» Required action: Only these lines of the data below are wanted: the one with "(forall s m, S", the one with "Definition Delta (b0", and any lines between them, each repeated exactly.

» Stored data:
Segment Open
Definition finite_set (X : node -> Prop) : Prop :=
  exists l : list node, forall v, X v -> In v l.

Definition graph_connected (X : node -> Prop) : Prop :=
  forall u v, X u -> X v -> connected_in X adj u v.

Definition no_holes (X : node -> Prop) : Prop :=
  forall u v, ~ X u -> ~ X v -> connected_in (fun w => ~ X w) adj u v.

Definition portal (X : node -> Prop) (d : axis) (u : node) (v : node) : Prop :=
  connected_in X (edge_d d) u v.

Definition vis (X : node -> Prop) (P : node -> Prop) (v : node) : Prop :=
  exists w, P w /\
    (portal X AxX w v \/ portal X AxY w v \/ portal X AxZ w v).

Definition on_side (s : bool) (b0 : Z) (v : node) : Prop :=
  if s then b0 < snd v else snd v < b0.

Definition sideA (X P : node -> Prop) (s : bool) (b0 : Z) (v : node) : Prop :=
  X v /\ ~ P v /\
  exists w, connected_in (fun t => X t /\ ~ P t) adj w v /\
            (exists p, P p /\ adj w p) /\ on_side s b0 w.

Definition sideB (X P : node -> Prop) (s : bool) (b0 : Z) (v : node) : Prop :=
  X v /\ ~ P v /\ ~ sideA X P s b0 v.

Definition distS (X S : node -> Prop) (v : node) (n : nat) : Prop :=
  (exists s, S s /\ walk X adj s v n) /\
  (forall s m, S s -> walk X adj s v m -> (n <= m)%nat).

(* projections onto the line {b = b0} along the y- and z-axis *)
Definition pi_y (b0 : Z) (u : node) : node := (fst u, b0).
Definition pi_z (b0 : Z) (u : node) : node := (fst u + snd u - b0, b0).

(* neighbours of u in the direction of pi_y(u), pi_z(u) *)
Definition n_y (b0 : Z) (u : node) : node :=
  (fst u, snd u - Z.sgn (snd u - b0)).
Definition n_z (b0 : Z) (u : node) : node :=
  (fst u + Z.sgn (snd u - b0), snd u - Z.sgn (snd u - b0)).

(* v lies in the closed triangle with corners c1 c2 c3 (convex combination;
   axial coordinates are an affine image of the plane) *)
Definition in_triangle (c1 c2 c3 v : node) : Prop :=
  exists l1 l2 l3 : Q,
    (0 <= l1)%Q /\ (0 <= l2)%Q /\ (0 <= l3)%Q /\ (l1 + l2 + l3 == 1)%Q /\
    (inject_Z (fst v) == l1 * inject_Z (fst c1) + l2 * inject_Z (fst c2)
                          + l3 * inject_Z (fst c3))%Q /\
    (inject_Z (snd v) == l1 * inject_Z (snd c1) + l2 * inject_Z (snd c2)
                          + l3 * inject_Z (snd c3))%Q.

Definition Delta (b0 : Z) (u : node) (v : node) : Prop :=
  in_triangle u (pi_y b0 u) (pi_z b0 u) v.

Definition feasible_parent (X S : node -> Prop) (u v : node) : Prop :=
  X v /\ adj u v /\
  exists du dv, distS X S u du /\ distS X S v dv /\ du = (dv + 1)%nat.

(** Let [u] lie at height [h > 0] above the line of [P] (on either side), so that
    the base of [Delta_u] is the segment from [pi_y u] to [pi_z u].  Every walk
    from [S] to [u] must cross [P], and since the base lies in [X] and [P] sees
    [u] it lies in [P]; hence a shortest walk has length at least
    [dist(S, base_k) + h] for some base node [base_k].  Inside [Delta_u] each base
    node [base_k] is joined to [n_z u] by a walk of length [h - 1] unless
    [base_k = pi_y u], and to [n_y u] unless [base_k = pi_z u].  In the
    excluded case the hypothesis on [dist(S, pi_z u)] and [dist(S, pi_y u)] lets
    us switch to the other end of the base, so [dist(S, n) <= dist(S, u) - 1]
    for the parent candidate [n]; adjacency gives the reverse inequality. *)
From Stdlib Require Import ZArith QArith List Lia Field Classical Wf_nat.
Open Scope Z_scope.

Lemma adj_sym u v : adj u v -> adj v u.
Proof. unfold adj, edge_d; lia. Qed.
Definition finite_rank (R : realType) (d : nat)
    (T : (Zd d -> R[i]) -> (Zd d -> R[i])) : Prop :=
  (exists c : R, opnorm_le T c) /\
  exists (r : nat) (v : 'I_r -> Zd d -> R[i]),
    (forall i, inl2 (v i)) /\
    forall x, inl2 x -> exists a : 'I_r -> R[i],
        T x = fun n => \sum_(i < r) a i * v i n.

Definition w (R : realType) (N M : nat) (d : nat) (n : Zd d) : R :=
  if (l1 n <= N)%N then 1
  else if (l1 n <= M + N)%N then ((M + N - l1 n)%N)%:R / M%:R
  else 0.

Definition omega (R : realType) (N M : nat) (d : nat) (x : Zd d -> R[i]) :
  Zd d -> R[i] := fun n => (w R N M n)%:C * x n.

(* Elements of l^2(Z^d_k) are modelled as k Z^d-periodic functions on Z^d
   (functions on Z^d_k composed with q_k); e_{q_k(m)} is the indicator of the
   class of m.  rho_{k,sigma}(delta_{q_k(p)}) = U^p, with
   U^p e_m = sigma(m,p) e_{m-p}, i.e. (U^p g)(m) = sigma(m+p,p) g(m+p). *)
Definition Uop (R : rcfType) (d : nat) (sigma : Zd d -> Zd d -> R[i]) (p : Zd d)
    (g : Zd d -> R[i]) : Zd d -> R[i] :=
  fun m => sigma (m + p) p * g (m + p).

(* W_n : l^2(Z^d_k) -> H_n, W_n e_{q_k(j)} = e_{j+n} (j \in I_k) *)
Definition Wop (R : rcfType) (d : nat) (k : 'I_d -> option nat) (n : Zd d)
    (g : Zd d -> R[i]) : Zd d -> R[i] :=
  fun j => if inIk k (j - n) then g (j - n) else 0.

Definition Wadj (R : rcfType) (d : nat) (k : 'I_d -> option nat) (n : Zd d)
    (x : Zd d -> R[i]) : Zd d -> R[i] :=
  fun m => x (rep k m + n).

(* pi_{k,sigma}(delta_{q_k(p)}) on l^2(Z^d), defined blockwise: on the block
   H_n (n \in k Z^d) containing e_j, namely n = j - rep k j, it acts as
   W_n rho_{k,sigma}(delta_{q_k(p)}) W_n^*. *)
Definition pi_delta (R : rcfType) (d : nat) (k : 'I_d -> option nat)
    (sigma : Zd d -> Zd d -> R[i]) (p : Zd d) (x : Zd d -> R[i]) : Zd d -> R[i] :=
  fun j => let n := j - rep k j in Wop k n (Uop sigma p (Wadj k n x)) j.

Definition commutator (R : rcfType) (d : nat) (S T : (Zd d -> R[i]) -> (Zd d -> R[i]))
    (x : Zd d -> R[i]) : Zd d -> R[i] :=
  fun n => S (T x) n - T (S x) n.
Segment Closed
» Exercise output:
  (forall s m, S s -> walk X adj s v m -> (n <= m)%nat).

(* projections onto the line {b = b0} along the y- and z-axis *)
Definition pi_y (b0 : Z) (u : node) : node := (fst u, b0).
Definition pi_z (b0 : Z) (u : node) : node := (fst u + snd u - b0, b0).

(* neighbours of u in the direction of pi_y(u), pi_z(u) *)
Definition n_y (b0 : Z) (u : node) : node :=
  (fst u, snd u - Z.sgn (snd u - b0)).
Definition n_z (b0 : Z) (u : node) : node :=
  (fst u + Z.sgn (snd u - b0), snd u - Z.sgn (snd u - b0)).

(* v lies in the closed triangle with corners c1 c2 c3 (convex combination;
   axial coordinates are an affine image of the plane) *)
Definition in_triangle (c1 c2 c3 v : node) : Prop :=
  exists l1 l2 l3 : Q,
    (0 <= l1)%Q /\ (0 <= l2)%Q /\ (0 <= l3)%Q /\ (l1 + l2 + l3 == 1)%Q /\
    (inject_Z (fst v) == l1 * inject_Z (fst c1) + l2 * inject_Z (fst c2)
                          + l3 * inject_Z (fst c3))%Q /\
    (inject_Z (snd v) == l1 * inject_Z (snd c1) + l2 * inject_Z (snd c2)
                          + l3 * inject_Z (snd c3))%Q.

Definition Delta (b0 : Z) (u : node) (v : node) : Prop :=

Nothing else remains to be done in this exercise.